American ice hockey player

Bryce James Lampman (born August 31, 1982) is an American former professional ice hockey defenseman who played in the National Hockey League with the New York Rangers.

==Playing career==
Lampman was drafted 113th overall by the New York Rangers in the 2001 NHL entry draft.

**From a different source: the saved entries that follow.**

(* Let $k_u(n)$ be the largest $k$ such that Maker has a strategy in the $k$-tournament-type game on $K_n$ guaranteeing that, at the end of the game, her digraph contains a copy of every tournament on $k$ vertices. Then $k_u(n)\le(1+o(1))\log_2 n$ as $n\to\infty$.
   Context: The game: Maker (moving first) and Breaker alternately claim one unclaimed edge of $K_n$, and each chooses an orientation for the claimed edge; the game ends when all edges are claimed. A tournament is a digraph with exactly one directed edge between each pair of distinct vertices. *)

From mathcomp Require Import all_boot.
Set Implicit Arguments. Unset Strict Implicit. Unset Printing Implicit Defensive.

(* A move: an ordered pair (u,v) of vertices of K_n = claiming the edge {u,v}
   and orienting it u -> v. *)
Definition arc (n : nat) := ('I_n * 'I_n)%type.

Definition claimed n (h : seq (arc n)) (u v : 'I_n) : bool :=
  ((u, v) \in h) || ((v, u) \in h).

Definition legal n (h : seq (arc n)) (m : arc n) : bool :=
  (m.1 != m.2) && ~~ claimed h m.1 m.2.

(* Maker moves first, so her arcs are those at even positions of the history *)
Definition maker_arcs n (h : seq (arc n)) : seq (arc n) :=
  mask [seq ~~ odd i | i <- iota 0 (size h)] h.

Definition maker_digraph n (h : seq (arc n)) : rel 'I_n :=
  fun u v => (u, v) \in maker_arcs h.

Definition is_tournament k (T : rel 'I_k) : Prop :=
  (forall i, ~~ T i i) /\ (forall i j, i != j -> T i j = ~~ T j i).

Definition contains_copy n (D : rel 'I_n) k (T : rel 'I_k) : Prop :=
  exists f : 'I_k -> 'I_n, injective f /\ (forall i j, T i j -> D (f i) (f j)).

Definition universal_win n k (h : seq (arc n)) : Prop :=
  forall T : rel 'I_k, is_tournament T -> contains_copy (maker_digraph h) T.

Fixpoint maker_forces n k (f : nat) (h : seq (arc n)) : Prop :=
  match f with
  | 0 => universal_win k h
  | f'.+1 =>
      if ~~ odd (size h)
      then exists m, legal h m /\ maker_forces k f' (rcons h m)
      else forall m, legal h m -> maker_forces k f' (rcons h m)
  end.

Definition maker_wins (n k : nat) : Prop := @maker_forces n k 'C(n, 2) [::].

From Pilot Require Import Defs.
From mathcomp Require Import all_boot zify.
(* Re-import so that [arc] denotes moves, not [path.arc]. *)
Import Defs.
Set Implicit Arguments. Unset Strict Implicit. Unset Printing Implicit Defensive.

(* Give an edge of K_n the value 2 if Maker owns it, 0 if Breaker owns
   it and 1 if it is free; the weight of an injective map g : [k] -> [n] is the
   product of the values of the C(k,2) edges it spans, and the potential of a
   position is the sum of the weights of all such maps (initially <= n^k).
   A Maker move on edge e raises the potential by the total weight through e,
   a Breaker move lowers it by that amount.  Breaker always takes the edge of
   maximal weight, so each Maker move is paid for by the preceding Breaker move
   and the potential never exceeds twice its initial value.  If Maker wins, the
   2^C(k,2) tournaments on [k] give 2^C(k,2) distinct maps whose edges are all
   Maker's, each of weight 2^C(k,2); hence 2^(k(k-1)) <= 2 n^k, i.e.
   2^k <= 4n, which yields the asymptotic bound of the theorem. *)

(* The unordered pairs of [k], encoded as ordered pairs (i, j) with i < j. *)
Definition pairs k : {set 'I_k * 'I_k} := [set p : 'I_k * 'I_k | p.1 < p.2].

Lemma sum1_ord_lt k (j : 'I_k) : \sum_(i < k | i < j) 1 = j.
Proof.
by rewrite -(big_ord_widen_cond _ xpredT (fun=> 1) (ltnW (ltn_ord j))) sum1_card card_ord.
Qed.

(* There are C(k,2) unordered pairs: column j contributes j of them. *)
Lemma card_pairs k : #|pairs k| = 'C(k, 2).
Proof.
rewrite -sum1_card -bin2_sum big_mkord.
rewrite (eq_bigl (fun p : 'I_k * 'I_k => p.1 < p.2)) => [|p]; last by rewrite inE.
rewrite -(pair_big_dep xpredT (fun i j : 'I_k => i < j) (fun _ _ => 1)) /=.
rewrite (exchange_big_dep xpredT) //=.
by apply: eq_bigr => j _; apply: sum1_ord_lt.
Qed.

Lemma bin2_double k : 'C(k, 2) * 2 = k * k.-1.
Proof. by elim: k => // k IH; rewrite binS bin1; case: k IH => //= k; lia. Qed.

Section GameBookkeeping.
Variable n : nat.
Implicit Types (h : seq (arc n)) (u v a b : 'I_n).

Lemma maker_arcs_rcons h m :
  maker_arcs (rcons h m) = if odd (size h) then maker_arcs h else rcons (maker_arcs h) m.
Proof.
rewrite /maker_arcs size_rcons -addn1 iotaD map_cat -cats1.
rewrite mask_cat ?size_map ?size_iota //=.
by case: (odd (size h)); rewrite /= ?cats0 ?cats1.
Qed.

Lemma maker_arcs_sub h x : x \in maker_arcs h -> x \in h.
Proof. exact: mem_mask. Qed.

Lemma legal_rcons h m e : legal (rcons h m) e -> legal h e.
Proof.
rewrite /legal /claimed !mem_rcons !in_cons => /andP[-> /norP[/norP[_ n1] /norP[_ n2]]].
by rewrite (negbTE n1) (negbTE n2).
Qed.

Definition unorient (x : arc n) : arc n := if x.1 < x.2 then x else (x.2, x.1).

Lemma exists_legal h : size h < 'C(n, 2) -> exists m, legal h m.
Proof.
move=> short; case: (pickP (legal h)) => [m lm|none]; first by exists m.
have covered : pairs n \subset [set unorient x | x in h].
  apply/subsetP => -[u v]; rewrite inE /= => uv; apply/imsetP.
  have := none (u, v); rewrite /legal /= neq_ltn uv /= => /negbFE /orP[] inh.
    by exists (u, v); rewrite // /unorient /= uv.
  by exists (v, u); rewrite // /unorient /= ltnNge (ltnW uv).
have := subset_leq_card covered; rewrite card_pairs => le_pairs.
have := leq_trans le_pairs (leq_trans (leq_imset_card _ _) (card_size h)).
by rewrite leqNgt short.
Qed.

Definition antisymmetric h := forall u v, (u, v) \in h -> (v, u) \in h -> False.

Lemma antisymmetric_rcons h m : antisymmetric h -> legal h m -> antisymmetric (rcons h m).
Proof.
case: m => a b anti; rewrite /legal /claimed /= => /andP[ab /norP[n1 n2]] u v.
rewrite !mem_rcons !in_cons !xpair_eqE.
case/orP => [/andP[/eqP e1 /eqP e2]|h1]; case/orP => [/andP[/eqP e3 /eqP e4]|h2].
- by subst; rewrite eqxx in ab.
- by subst; rewrite h2 in n2.
- by subst; rewrite h1 in n2.
- exact: anti h1 h2.
Qed.

Definition same_edge a b u v : bool := ((u == a) && (v == b)) || ((u == b) && (v == a)).

Definition maker_edge h u v : bool :=
  ((u, v) \in maker_arcs h) || ((v, u) \in maker_arcs h).

Definition edge_value h u v : nat :=
  if maker_edge h u v then 2 else if claimed h u v then 0 else 1.

(* Factor by which the next move multiplies the value of its (free) edge. *)
Definition move_factor h : nat := if odd (size h) then 0 else 2.

Lemma edge_value_free h a b u v : legal h (a, b) -> same_edge a b u v -> edge_value h u v = 1.
Proof.
rewrite /legal /claimed /= => /andP[_ /norP[n1 n2]].
have nm : forall x, x \in h = false -> x \in maker_arcs h = false.
  by move=> x nx; apply/negP => /maker_arcs_sub; rewrite nx.
by case/orP=> /andP[/eqP -> /eqP ->];
  rewrite /edge_value /maker_edge /claimed !nm ?(negbTE n1) ?(negbTE n2).
Qed.

Lemma edge_value_rcons h a b u v : legal h (a, b) ->
  edge_value (rcons h (a, b)) u v =
  if same_edge a b u v then move_factor h else edge_value h u v.
Proof.
move=> lab; case: ifP => [same|/norP[d1 d2]];
  rewrite /edge_value /move_factor /maker_edge /claimed maker_arcs_rcons.
  have := edge_value_free lab same; rewrite /edge_value /maker_edge /claimed.
  case/orP: same => /andP[/eqP -> /eqP ->]; case: (odd (size h));
    by rewrite !mem_rcons !in_cons !eqxx ?orbT //; case: ifP.
have other s : ((u, v) \in rcons s (a, b)) = ((u, v) \in s) /\
               ((v, u) \in rcons s (a, b)) = ((v, u) \in s).
  by rewrite !mem_rcons !in_cons !xpair_eqE (negbTE d1) [(v == a) && _]andbC (negbTE d2).
by case: (odd (size h)); rewrite !(other h).1 !(other h).2 ?(other (maker_arcs h)).1
  ?(other (maker_arcs h)).2.
Qed.

End GameBookkeeping.

Section Potential.
Variables n k : nat.
Implicit Types (h : seq (arc n)) (a b : 'I_n).

Definition copy := {ffun 'I_k -> 'I_n}.

Definition weight h (g : copy) : nat := \prod_(p in pairs k) edge_value h (g p.1) (g p.2).

Definition spans (g : copy) a b : bool := [exists p in pairs k, same_edge a b (g p.1) (g p.2)].

Definition potential h : nat := \sum_(g : copy | injectiveb g) weight h g.

Definition edge_potential h a b : nat :=
  \sum_(g : copy | injectiveb g && spans g a b) weight h g.

Lemma spans_uniq (g : copy) a b p p' : injective g ->
  p \in pairs k -> p' \in pairs k ->
  same_edge a b (g p.1) (g p.2) -> same_edge a b (g p'.1) (g p'.2) -> p = p'.
Proof.
move=> ig; case: p p' => [x y] [x' y']; rewrite !inE /same_edge /= => lt lt'.
case/orP=> /andP[/eqP e1 /eqP e2]; case/orP=> /andP[/eqP e3 /eqP e4];
  try by rewrite (ig x x'); [rewrite (ig y y') // e2 e4 | rewrite e1 e3].
all: have ex : x = y' by apply: ig; rewrite e1 e4.
all: have ey : y = x' by apply: ig; rewrite e2 e3.
all: by move: lt'; rewrite -ex -ey ltnNge (ltnW lt).
Qed.

Lemma weight_rcons h (g : copy) a b : injective g -> legal h (a, b) ->
  weight (rcons h (a, b)) g = if spans g a b then move_factor h * weight h g else weight h g.
Proof.
move=> ig lab; rewrite /weight /spans.
under eq_bigr => p _ do rewrite edge_value_rcons //.
case: existsP => [[p0 /andP[p0P same0]]|none].
  rewrite (bigD1 p0) //= [in RHS](bigD1 p0) //= same0 (edge_value_free lab same0) mul1n.
  congr (_ * _); apply: eq_bigr => p /andP[pP ne]; case: ifP => // same.
  by rewrite (spans_uniq ig pP p0P same same0) eqxx in ne.
apply: eq_bigr => p pP; case: ifP => // same.
by case: none; exists p; rewrite pP.
Qed.

Lemma potential_rcons h a b : legal h (a, b) ->
  potential (rcons h (a, b)) + edge_potential h a b =
  potential h + move_factor h * edge_potential h a b.
Proof.
move=> lab; rewrite /potential /edge_potential big_distrr /= !big_mkcondr -!big_split /=.
apply: eq_bigr => g /injectiveP ig; rewrite weight_rcons //.
by case: (spans g a b); rewrite ?addn0 // addnC.
Qed.

Lemma edge_potential_breaker h a b x y : odd (size h) -> legal h (a, b) ->
  edge_potential (rcons h (a, b)) x y <= edge_potential h x y.
Proof.
move=> odd_h lab; apply: leq_sum => g /andP[/injectiveP ig _].
by rewrite weight_rcons // /move_factor odd_h; case: ifP.
Qed.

He has spent most of his professional career with the Rangers' AHL affiliate the Hartford Wolf Pack, though he has played ten games in the NHL for the Rangers. He played the 2008–09 season in Russia with HC Amur Khabarovsk, before signing as a free agent with the St. Louis Blues as a depth defenseman on July 29, 2009. Lampman is mostly known for scoring from center ice on a slapshot that beat Chicago Wolves' goalie Kari Lehtonen which led to an eventual 5–4 win on January 23, 2010, in the first period of an AHL game between the Peoria Rivermen and the Chicago Wolves.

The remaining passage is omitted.